Large Language Models (LLMs) demonstrate significant capabilities but sometimes generate incorrect but believable responses when they lack information, and this is known as “hallucination.” It means they confidently provide information that may sound accurate but could be incorrect due to outdated knowledge.

LLMs can reason about wide-ranging topics, but their knowledge is limited to the public data up to a specific point in time that they were trained on. If you want to build AI applications that can reason about private data or data introduced after a model's cutoff date, you need to augment the knowledge of the model with the specific information it needs. The process of bringing the appropriate information and inserting it into the model prompt is known as Retrieval Augmented Generation (RAG).

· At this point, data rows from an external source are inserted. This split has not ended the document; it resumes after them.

Definition waybelow (x : P) : P -> L :=
  fun y => finf (fun a => exists (I : P -> L) (s : P),
                    ideal I /\ is_lsup I s /\ a = fimp (e x s) (I y)).

Definition continuous_Lordered : Prop :=
  forall x, directed (waybelow x) /\ is_lsup (waybelow x) x.

Definition sigmaL : (P -> L) -> Prop :=
  fun A => upper_set A /\
    forall (D : P -> L) (s : P), directed D -> is_lsup D s ->
      A s = fsup (fun a => exists x, a = fmeet (A x) (D x)).

End LOrder.
End Frames.

From Stdlib Require Import FunctionalExtensionality ProofIrrelevance.

(* The spectrum pt_L O of any L-topology O is an L-sober L-topological space,
   and for every x the specialization upper set B_x(p) = /\_W (W(x) -> p(W)) of
   the point [x] satisfies sub(B_x, phi(W)) = W(x); since phi preserves joins,
   every B_x is super-compact.  For the Scott L-topology of a continuous P, the
   way-above set z |-> ⇓z(y) is Scott open, its image under phi lies below B_y,
   and every Scott open A splits as A(z) = \/_y A(y) /\ ⇓z(y); applying a point
   to this decomposition gives local super-compactness. *)

Section FrameFacts.
Context {L : frame}.
Implicit Types a b c d : L.

Lemma le_top a : fle a (ftop L).
Proof. apply fsup_ub. exact I. Qed.

Lemma top_le a : fle (ftop L) a -> a = ftop L.
Proof. intro h. apply fle_antisym; auto using le_top. Qed.

Lemma meet_mono a b c d : fle a c -> fle b d -> fle (fmeet a b) (fmeet c d).
Proof.
  intros. apply fmeet_glb; eapply fle_trans; [apply fmeet_l| |apply fmeet_r|]; auto.
Qed.

Lemma meet_comm a b : fmeet a b = fmeet b a.
Proof. apply fle_antisym; apply fmeet_glb; auto using fmeet_l, fmeet_r. Qed.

**How It Solves the Problem**

Retrieval-Augmented Generation or RAG framework solves this problem by integrating an information retrieval system into the LLM pipeline. Instead of relying on pre-trained knowledge, RAG allows the model to dynamically fetch information from external knowledge sources when generating responses. This dynamic retrieval mechanism ensures that the information provided by the LLM is not only contextually relevant but also accurate and up-to-date.

It is a more efficient way to provide additional or domain-specific information using an external database, rather than repeatedly retraining or fine-tuning the model on updated data. It bridges the gap between pure generative models and external knowledge. 




**main components:**

* Indexing: a pipeline for ingesting data from a source and indexing it. This usually happens offline.

* Retrieval and generation: the actual RAG chain, which takes the user query at run time and retrieves the relevant data from the index, then passes that to the model. After the llm model generate output based on pretrained knowledge & external data.*

**Advanced Terms**

* Query Translation: Multiple strategies for translating and refining queries are discussed, including Multi-Query techniques, RAG Fusion, Decomposition, Step Back, and HyDE approaches, each offering unique benefits depending on the application.

* Routing, Query Construction, and Advanced Indexing Techniques: These segments explore more sophisticated elements of RAG systems, such as routing queries to appropriate models, constructing effective queries, and advanced indexing techniques like RAPTOR and ColBERT.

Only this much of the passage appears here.